Musically, it’s off on a tangent from the electro-vaudeville stomp of last year’s Boys Noize-produced album Ivory Tower, but fans of I Am Europe and The Grudge will welcome back the deadpan spoken-word monologues on …Suite, heavy on puns, quirky word association and disparate references, from Eric Cartman to Gordon Gecko to Dorian Gray. In the face of hip-hop heavyweights, Chilly sees himself at the lighter end of the rap seesaw. MF Doom may be an Earth-conquering Supervillain and the Wu-Tang Clan will always be mystical kung fu masters, but Chilly channels his “inner Larry David”, spouting “verbal gonorrhoea”.  The “big sweaty Jew” feels like a gatecrasher in the Rap Race, admitting: “I wanna be Tony Soprano, but I’m better known on the piano.” This apologetic schtick runs through this snappy half-hour record, and he anticipates the backlash by admitting his music is “just a bit too clever, a bit too smug”, on Who Wants to Hear This? The modesty is all an act though – on Bongo Monologue he boasts: “I could play a whole set with one hand solo, call me Boba Fett, the other hand rolling up a jazz cigarette.”

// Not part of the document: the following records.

(* A function vanishing off [[m0, M0]] is reached from any point by [N] steps of length
   [1/2], each changing it by at most [w (1/2) <= 2 Dh]. *)
Lemma sup_norm_le_dini (K : R -> Prop) m0 M0 (N : nat) Mh :
  (forall z, K z -> m0 <= z <= M0) -> 2 * (M0 - m0) < INR N ->
  (forall z, ~ K z -> h z = 0) -> sup_norm h Mh -> Mh <= 2 * INR N * Dh.
Proof.
  intros HK HN Hsupp [_ Hlub].
  assert (Hwh := modulus_half_le_dini).
  assert (Hw0 := modulus_half_nonneg).
  assert (HN0 : 0 <= INR N) by apply pos_INR.
  apply Hlub. intros v [z ->].
  destruct (classic (K z)) as [Kz|nKz].
  - assert (Hc := increment_chain_le z N).
    destruct (HK z Kz).
    rewrite (Hsupp (z + INR N / 2)), Rminus_0_r in Hc by (intros Kz'; destruct (HK _ Kz'); lra).
    nra.
  - rewrite Hsupp, Rabs_R0 by exact nKz. nra.
Qed.

End Dini.

Section GapWeightSum.

Variables (g1 p1 g2 p2 w : R -> R) (a b Mf Dw : R).
Hypothesis a_pos : 0 < a.
Hypothesis b_bound : Rabs b <= Mf.
Hypotheses (g1_0 : g1 0 = a) (g2_0 : g2 0 = a).
Hypotheses (g1_nonneg : forall y, 0 <= g1 y) (g2_nonneg : forall y, 0 <= g2 y).
Hypotheses (g1_derive : forall y, is_derive g1 y (p1 y)) (g2_derive : forall y, is_derive g2 y (p2 y)).
Hypotheses (p1_cont : forall y, continuous p1 y) (p2_cont : forall y, continuous p2 y).
Hypotheses (p1_bound : forall y, Rabs (p1 y) <= Mf) (p2_bound : forall y, Rabs (p2 y) <= Mf).
Hypothesis close_to_b : forall y, 0 < y <= 1 ->
  Rabs (p1 y - b) <= w y /\ Rabs (p2 y + b) <= w y /\
  Rabs ((g1 y - a) / y - b) <= w y /\ Rabs ((g2 y - a) / y + b) <= w y.
Hypothesis w_dini : improper_int_01 (fun r => w r / r) Dw.

Let S y := gap_weight g1 p1 a y + gap_weight g2 p2 a y.

Let Mf_nonneg : 0 <= Mf.
Proof. eapply Rle_trans; [apply Rabs_pos|exact b_bound]. Qed.

Let ex_RInt_S u v : 0 <= u -> 0 <= v -> ex_RInt S u v.
Proof.
  intros Hu Hv. apply (ex_RInt_plus (V := R_NormedModule));
    [apply (ex_RInt_gap_weight g1 p1 a Mf)|apply (ex_RInt_gap_weight g2 p2 a Mf)]; auto.
Qed.

Lemma RInt_gap_weight_sum_far Y : 1 <= Y -> Rabs (RInt S 1 Y) <= (Y - 1) * (4 * Mf * a).
Proof.
  intros HY. apply abs_RInt_le_const; [lra|apply ex_RInt_S; lra|]. intros t Ht.
  unfold S, gap_weight. destruct (Rlt_dec 0 t) as [_|]; [|lra].
  eapply Rle_trans; [apply Rabs_triang|]. rewrite !Rabs_mult.
  assert (Ht2 : 2 * a / t <= 2 * a).
  { unfold Rdiv. rewrite <- (Rmult_1_r (2 * a)) at 2. apply Rmult_le_compat_l; [lra|].
    rewrite <- Rinv_1. apply Rinv_le_contravar; lra. }
  assert (Rabs (p1 t) * Rabs (atan_gap g1 a t) <= Mf * (2 * a)).
  { apply Rmult_le_compat; try apply Rabs_pos; auto.
    pose proof (atan_gap_le g1 a t a_pos ltac:(lra)). lra. }
  assert (Rabs (p2 t) * Rabs (atan_gap g2 a t) <= Mf * (2 * a)).
  { apply Rmult_le_compat; try apply Rabs_pos; auto.
    pose proof (atan_gap_le g2 a t a_pos ltac:(lra)). lra. }
  lra.
Qed.

Lemma RInt_gap_weight_sum_from al : 0 < al <= 1 -> ex_RInt (fun r => w r / r) al 1 ->
  Rabs (RInt S al 1)
  <= a * ((4 + 4 * Mf) * RInt (fun r => w r / r) al 1 + 32 * Mf * (1 + Mf) * (PI / 2)).
Proof.
  intros Hal ExW.
  set (B := fun y => a * ((4 + 4 * Mf) * (w y / y) + 32 * Mf * (1 + Mf) * (a / (y ^ 2 + a ^ 2)))).
  set (VB := a * ((4 + 4 * Mf) * RInt (fun r => w r / r) al 1
                  + 32 * Mf * (1 + Mf) * (atan (1 / a) - atan (al / a)))).
  assert (IB : is_RInt B al 1 VB).
  { apply (RInt_correct (V := R_CompleteNormedModule)) in ExW.
    exact (is_RInt_scal _ _ _ a _ (is_RInt_plus _ _ _ _ _ _
             (is_RInt_scal _ _ _ (4 + 4 * Mf) _ ExW)
             (is_RInt_scal _ _ _ (32 * Mf * (1 + Mf)) _ (is_RInt_poisson_kernel a al 1 a_pos)))). }
  assert (ExA : ex_RInt (fun t => Rabs (S t)) al 1).
  { apply (ex_RInt_continuous (V := R_CompleteNormedModule)). intros z Hz.
    rewrite Rmin_left in Hz by lra. apply continuous_Rabs_comp.
    apply (continuous_plus (V := R_NormedModule));
      apply gap_weight_continuous_pos; auto; lra. }
  apply Rle_trans with VB.
  - eapply Rle_trans; [apply abs_RInt_le; [lra|apply ex_RInt_S; lra]|].
    rewrite <- (is_RInt_unique _ _ _ _ IB).
    apply RInt_le; [lra|exact ExA|exists VB; exact IB|]. intros x Hx.
    destruct (close_to_b x ltac:(lra)) as [P1 [P2 [P3 P4]]].
    unfold S, gap_weight, atan_gap. destruct (Rlt_dec 0 x) as [_|]; [|lra].
    apply (gap_pair_bound a x b Mf (w x)); auto; lra.
  - unfold VB. apply Rmult_le_compat_l; [lra|]. apply Rplus_le_compat_l.
    apply Rmult_le_compat_l; [nra|]. pose proof (atan_bound (1 / a)).
    assert (0 <= atan (al / a)) by (apply atan_nonneg, Rdiv_le_0_compat; lra). lra.
Qed.

Lemma RInt_gap_weight_sum_near :
  Rabs (RInt S 0 1) <= a * (4 + 4 * Mf) * Dw + a * (16 * PI * Mf * (1 + Mf)).
Proof.
  assert (HPI := PI_RGT_0).
  apply Rle_plus_epsilon. intros eps Heps.
  set (c1 := a * (4 + 4 * Mf) + 1).
  assert (Hc1 : 0 < c1) by (unfold c1; nra).
  destruct (improper_int_01_partial _ _ w_dini (eps / (2 * c1))) as [del [Hdel Hdi]].
  { apply Rdiv_lt_0_compat; lra. }
  set (e0 := eps / (2 * (2 * Mf * PI + 1))).
  assert (He0 : 0 < e0) by (apply Rdiv_lt_0_compat; nra).
  pose proof (Rmin_l (del / 2) (Rmin (1 / 2) e0)). pose proof (Rmin_r (del / 2) (Rmin (1 / 2) e0)).
  pose proof (Rmin_l (1 / 2) e0). pose proof (Rmin_r (1 / 2) e0).
  set (al := Rmin (del / 2) (Rmin (1 / 2) e0)) in *.
  assert (Hal : 0 < al) by (repeat apply Rmin_pos; lra).
  destruct (Hdi al ltac:(lra) ltac:(lra)) as [ExW HW].
  assert (C := RInt_Chasles (V := R_CompleteNormedModule) S 0 al 1
                 (ex_RInt_S 0 al ltac:(lra) ltac:(lra)) (ex_RInt_S al 1 ltac:(lra) ltac:(lra))).
  unfold plus in C; simpl in C. rewrite <- C.
  assert (B0 : Rabs (RInt S 0 al) <= (al - 0) * (Mf * PI + Mf * PI)).
  { apply abs_RInt_le_const; [lra|apply ex_RInt_S; lra|]. intros t Ht.
    eapply Rle_trans; [apply Rabs_triang|].
    apply Rplus_le_compat; apply gap_weight_bound; auto. }
  assert (B0' : al * (2 * Mf * PI + 1) <= eps / 2).
  { replace (eps / 2) with (e0 * (2 * Mf * PI + 1)) by (unfold e0; field; nra).
    apply Rmult_le_compat_r; nra. }
  assert (B1 := RInt_gap_weight_sum_from al ltac:(lra) ExW).
  assert (HE : a * (4 + 4 * Mf) * (eps / (2 * c1)) <= eps / 2).
  { replace (eps / 2) with (c1 * (eps / (2 * c1))) by (field; lra).
    apply Rmult_le_compat_r; [apply Rlt_le, Rdiv_lt_0_compat; lra|unfold c1; lra]. }
  assert (a * (4 + 4 * Mf) * RInt (fun r => w r / r) al 1
          <= a * (4 + 4 * Mf) * (Dw + eps / (2 * c1))) by (apply Rmult_le_compat_l; nra).
  eapply Rle_trans; [apply Rabs_triang|]. nra.
Qed.

Lemma RInt_gap_weight_sum_bound Y : 1 <= Y ->
  Rabs (RInt (gap_weight g1 p1 a) 0 Y + RInt (gap_weight g2 p2 a) 0 Y)
  <= a * ((4 + 4 * Mf) * Dw + 16 * PI * Mf * (1 + Mf) + 4 * Mf * (Y - 1)).
Proof.
  intros HY.
  replace (RInt (gap_weight g1 p1 a) 0 Y + RInt (gap_weight g2 p2 a) 0 Y) with (RInt S 0 Y)
    by (apply (RInt_plus (V := R_CompleteNormedModule));
        apply (ex_RInt_gap_weight _ _ a Mf); auto; lra).
  rewrite <- (RInt_Chasles (V := R_CompleteNormedModule) S 0 1 Y)
    by (apply ex_RInt_S; lra).
  unfold plus; simpl.
  pose proof (RInt_gap_weight_sum_far Y HY). pose proof RInt_gap_weight_sum_near.
  eapply Rle_trans; [apply Rabs_triang|]. nra.
Qed.

End GapWeightSum.

Lemma improper_int_pos_0 (g : R -> R) : (forall y, 0 < y -> g y = 0) -> improper_int_pos g 0.
Proof.
  intros H. split.
  - intros a b Ha Hab. constructor. apply ex_RInt_Reals_0.
    apply (ex_RInt_ext (V := R_CompleteNormedModule) (fun _ => 0));
      [|apply (ex_RInt_const (V := R_NormedModule))].
    intros x Hx. rewrite Rmin_left in Hx by lra. rewrite H by lra. reflexivity.
  - intros eta Heta. exists 1, 0. split; [lra|]. intros a b Ha Hb Hab pr.
    rewrite <- RInt_Reals, (RInt_ext _ (fun _ => 0)).
    + rewrite RInt_const. unfold scal; simpl; unfold mult; simpl.
      rewrite Rmult_0_r, Rminus_0_r, Rabs_R0. lra.
    + intros x Hx. rewrite Rmin_left in Hx by lra. apply H. lra.
Qed.

Lemma is_derive_shift (f f' : R -> R) x y : (forall z, derivable_pt_lim f z (f' z)) ->
  is_derive (fun y => f (x + y)) y (f' (x + y)).
Proof.
  intros H. replace (f' (x + y)) with (scal 1 (f' (x + y)))
    by (unfold scal; simpl; unfold mult; simpl; ring).
  apply (is_derive_comp (K := R_AbsRing) (V := R_NormedModule) f (fun y => x + y)).
  - apply is_derive_Reals, H.
  - auto_derive; [trivial|ring].
Qed.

He’s more at home in his virtuoso guise, calling himself a “Cyborg Gershwin” on Supervillain Music, amid timpani rolls and gushing strings. Lines like “the harmony’s French but the melancholy melody’s so Slavic” mightn’t describe the compositions to the lay person, but composer Beck’s day job leaves us plenty of handy film references. Supervillain Music evokes Morricone’s Spaghetti Western scores and the short violin stabs on Self-portrait has touches of Philip Glass’ Koyaanisqatsi. Lead single Party In My Mind is a riot of bongos, marching snares and eastern strings that contradicts Chilly’s caricature of the lounge lizard in pyjamas and slippers.

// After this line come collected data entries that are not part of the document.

Lemma Proclus_condition3 : Proclus X Lines -> condition3 X Lines.
Proof.
  intros Pr L o x y HL Ho Hx Hy v1 v2 [Hv1 Hm1] [Hv2 Hm2].
  apply NNPP; intros Hne.
  assert (Hox : o <> x) by (intros ->; contradiction).
  (* The line through a missing point v and y cannot contain a second point v' of ox:
     it would be the line ox, which contains o in L. *)
  assert (Hnot : forall v v', line o x v -> line o x v' -> v <> v' -> misses v y L ->
                   ~ line v y v').
  { intros v v' Hv Hv' Hvv' Hm Hyv'.
    assert (Hvy : v <> y) by (intros <-; apply line_diag in Hyv'; congruence).
    apply Hm; exists o; split; [| exact Ho].
    apply (line_two_points v y v v' Hvy (line_l _ _) Hyv' Hvv').
    apply (line_two_points o x v v' Hox Hv Hv' Hvv'), line_l. }
  destruct (classic (v1 = y)) as [-> | Hv1y].
  { exact (Hnot v2 y Hv2 Hv1 (not_eq_sym Hne) Hm2 (line_r _ _)). }
  destruct (classic (v2 = y)) as [-> | Hv2y].
  { exact (Hnot v1 y Hv1 Hv2 Hne Hm1 (line_r _ _)). }
  set (P := span (add_point L x)).
  assert (HPv : forall v, line o x v -> P v).
  { intros v Hv. apply (span_line _ o x); [| | exact Hv]; apply span_sub; [left; exact Ho | right; reflexivity]. }
  assert (Hpar : forall K v, (forall z, K z <-> line v y z) -> line o x v -> misses v y L ->
                   subset X K (fun z => P z /\ ~ L z)).
  { intros K v HKe Hv Hm z Hz. apply HKe in Hz.
    split; [exact (span_line _ v y z (HPv v Hv) Hy Hz) | intros HLz; apply Hm; exists z; auto]. }
  destruct (line_Lines v1 y Hv1y) as (K1 & HK1 & HK1e).
  destruct (line_Lines v2 y Hv2y) as (K2 & HK2 & HK2e).
  assert (HK12 : set_eq X K1 K2).
  { apply (Pr P L y (plane_span_line_point L x HL Hx) HL (fun z Hz => span_sub _ z (or_introl Hz))
             Hy (misses_r _ _ _ Hm1) K1 K2 HK1 HK2).
    - apply HK1e, line_r.
    - exact (Hpar K1 v1 HK1e Hv1 Hm1).
    - apply HK2e, line_r.
    - exact (Hpar K2 v2 HK2e Hv2 Hm2). }
  apply (Hnot v2 v1 Hv2 Hv1 (not_eq_sym Hne) Hm2), HK2e, HK12, HK1e, line_l.
Qed.

End Liner.

Theorem theorem3p6p1 (X : Type) (Lines : (X -> Prop) -> Prop) :
  is_liner X Lines ->
  (Proclus X Lines <-> (proaffine X Lines /\ proregular3 X Lines)) /\
  ((proaffine X Lines /\ proregular3 X Lines) <-> condition3 X Lines).
Proof.
  intros HL.
  pose proof (Proclus_condition3 X Lines HL) as P_C.
  pose proof (condition3_proaffine X Lines HL) as C_A.
  pose proof (condition3_proregular3 X Lines HL) as C_R.
  pose proof (proaffine_proregular3_condition3 X Lines HL) as AR_C.
  pose proof (proregular3_condition3_Proclus X Lines HL) as RC_P.
  split; split.
  - intros Pr; split; [apply C_A | apply C_R]; apply P_C, Pr.
  - intros [PA PR]; apply (RC_P PR), (AR_C PA PR).
  - intros [PA PR]; apply (AR_C PA PR).
  - intros C; split; [apply C_A | apply C_R]; exact C.
Qed.
(* Turning the variance bound into the sum-product estimate: if
   max(s,t)^2 >= st >= N a / 2 then max(s,t) >= sqrt(N a) / 4, and
   otherwise a^4 <= 4 a^3 b <= 16 N mu max(s,t)^2. *)
Lemma max_ge_min_bound (R : rcfType) (a b s t N mu : R) :
  0 < a -> 0 < N -> 0 < mu -> 0 <= s -> 0 <= t -> a <= 4 * b ->
  (s * t < N * a / 2 -> a ^+ 3 * b <= 4 * N * mu * (s * t)) ->
  1 / 4 * Num.min (Num.sqrt N * Num.sqrt a) (a ^+ 2 / Num.sqrt (N * mu))
    <= Num.max s t.
Proof.
move=> a_gt0 N_gt0 mu_gt0 s_ge0 t_ge0 ab small_bound.
set m := Num.max s t.
have m_ge0 : 0 <= m by rewrite le_max s_ge0.
have st_le : s * t <= m ^+ 2 by rewrite expr2 ler_pM // ?le_max ?lexx ?orbT.
case: (ltP (s * t) (N * a / 2)) => [small|large].
  apply: le_trans (_ : 1 / 4 * (a ^+ 2 / Num.sqrt (N * mu)) <= m).
    by rewrite ler_pM2l ?divr_gt0 // ge_min lexx orbT.
  set w := Num.sqrt (N * mu).
  have w_gt0 : 0 < w by rewrite sqrtr_gt0 mulr_gt0.
  have w2 : w ^+ 2 = N * mu by rewrite sqr_sqrtr // mulr_ge0 ?ltW.
  have a4 : (a ^+ 2) ^+ 2 <= (4 * w * m) ^+ 2.
    have a3_gt0 : 0 < a ^+ 3 by rewrite exprn_gt0.
    have Nmu_st : N * mu * (s * t) <= N * mu * m ^+ 2.
      by rewrite ler_pM2l ?mulr_gt0.
    have := small_bound small; move: ab; rewrite -(ler_pM2l a3_gt0).
    rewrite !exprMn w2; nra.
  have a2 : a ^+ 2 <= 4 * w * m.
    have a2_ge0 : 0 <= a ^+ 2 by rewrite exprn_ge0 // ltW.
    have wm_ge0 : 0 <= 4 * w * m by rewrite !mulr_ge0 // ltW.
    by rewrite -ler_sqr ?nnegrE.
  have -> : 1 / 4 * (a ^+ 2 / w) = a ^+ 2 / (4 * w) by field; rewrite gt_eqF.
  by rewrite ler_pdivrMr ?mulr_gt0 // mulrC.
apply: le_trans (_ : 1 / 4 * (Num.sqrt N * Num.sqrt a) <= m).
  by rewrite ler_pM2l ?divr_gt0 // ge_min lexx.
have : Num.sqrt (N * a) <= 4 * m.
  rewrite -(@ger0_norm _ (4 * m)) ?mulr_ge0 // -sqrtr_sqr; apply: ler_wsqrtr.
  have := sqr_ge0 m; rewrite exprMn [4 ^+ 2]expr2; lra.
by rewrite -sqrtrM ?(ltW N_gt0) //; lra.
Qed.

Lemma sum_product_of_moments (R : rcfType) (I : finType) (X : {pred I})
    (n : I -> nat) (a b s t N mu : nat) :
  (0 < a)%N -> (0 < N)%N -> (0 < mu)%N -> (a <= 4 * b)%N ->
  #|X| = (a * b)%N -> #|I| = (N ^ 2)%N ->
  (#|X| * a <= \sum_(i in X) n i)%N -> (\sum_i n i = s * t * N)%N ->
  (\sum_i n i ^ 2 <= s * t * (s * t + mu * N))%N ->
  1 / 4 * Num.min (Num.sqrt N%:R * Num.sqrt a%:R)
                  (a%:R ^+ 2 / Num.sqrt (N%:R * mu%:R))
    <= Num.max (s%:R : R) t%:R.
Proof.
move=> a_gt0 N_gt0 mu_gt0 ab cardX cardI lowerX sum1 sum2.
apply: (@max_ge_min_bound _ _ b%:R); rewrite ?ltr0n ?ler0n //.
  by rewrite -natrM ler_nat.
move=> small; apply: (@incidence_variance _ _ X (fun i => (n i)%:R)) => //.
- by rewrite ltr0n.
- by apply: mulr_ge0; apply: ler0n.
- by rewrite cardX natrM.
- by rewrite cardI natrX.
- by rewrite -natr_sum -natrM ler_nat.
- by rewrite -natr_sum sum1 !natrM.
- under eq_bigr do rewrite -natrX.
  by rewrite -natr_sum -!natrM -natrD -!natrM ler_nat.
Qed.

Theorem theorem1p4 :
  exists C : real, 0 < C /\
  forall (Rg : finComUnitRingType) (z : Rg) (q r : nat),
    finite_valuation_ring Rg ->
    is_maximal_ideal (pideal z) ->
    q = quot_card (pideal z) ->
    (0 < r)%N -> z ^+ r = 0 -> (forall k, (0 < k < r)%N -> z ^+ k != 0) ->
    (exists p k : nat, [/\ prime p, odd p, (0 < k)%N & q = (p ^ k)%N]) ->
    forall A : {set Rg},
      (2 * q ^ r.-1 <= #|A|)%N ->
      Num.max (#|sumset A|%:R : real) (#|sumset (sqset A)|%:R)
        >= C * Num.min (Num.sqrt (q%:R ^+ r) * Num.sqrt #|A|%:R)
                       (#|A|%:R ^+ 2 / Num.sqrt (q%:R ^+ (2 * r - 1)%N)).
Proof.
exists (1 / 4); split; first by rewrite divr_gt0.
move=> Rg z q r _ max_z q_def r_gt0 zr0 zk_neq0 [p [k [p_prime p_odd _ q_pk]]] A A_large.
have [cardM cardR] := card_max_ideal_ring max_z r_gt0 zr0 zk_neq0.
rewrite -q_def in cardM cardR.
have q_gt0 : (0 < q)%N by rewrite q_pk expn_gt0 prime_gt0.
have two_unit : (2 : Rg) \is a GRing.unit.
  by apply: two_unit_odd_card; rewrite cardR q_pk !oddX p_odd !orbT.
set B := sqset A; set S := sumset A; set T := sumset B.
have AAS a c : a \in A -> c \in A -> a + c \in S by move=> aA cA; apply: imset2_f.
have BAT b c : b \in B -> c \in A -> b + c ^+ 2 \in T.
  by move=> bB cA; apply: imset2_f => //; apply: imset_f.
have A_le_B : (#|A| <= 4 * #|B|)%N.
  by have := card_sqset max_z zr0 two_unit A; rewrite -/B cardM; lia.
have -> : (q%:R ^+ r : real) = #|Rg|%:R by rewrite -natrX cardR.
have -> : (q%:R ^+ (2 * r - 1) : real) = #|Rg|%:R * #|pideal z|%:R.
  by rewrite -natrX -natrM cardR cardM -expnD; congr (q ^ _)%:R; lia.
apply: (@sum_product_of_moments _ _ (setX A B) (incidences S T) _ #|B|) => //.
- by apply: leq_trans A_large; rewrite muln_gt0 expn_gt0 q_gt0.
- by rewrite cardR expn_gt0 q_gt0.
- exact: cardsX.
- by rewrite card_prod mulnn.
- exact: incidences_lower.
- by rewrite sum_incidences cardsX.
- by have := sum_incidences_sqr (unit_notin_max max_z zr0) two_unit S T; rewrite cardsX.
Qed.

Gonzales lets the joker mask slip the odd time, when the real Jason Beck steps up, admitting: “10 years in, still the underdog, I got a hundred songs on a hundred blogs.” Over delicate treated keys that recall Aphex Twin’s Drukqs interludes, he wonders if he should just follow his ‘real’ vocation and chase the critics who lapped up his 2004 Solo Piano album. But as the chattery voices in his head beg him to just Shut Up And Play The Piano, you just know there’s no chance. You imagine Chilly will keep everyone second-guessing for years – at least until he grows gracefully into those pyjamas and slippers.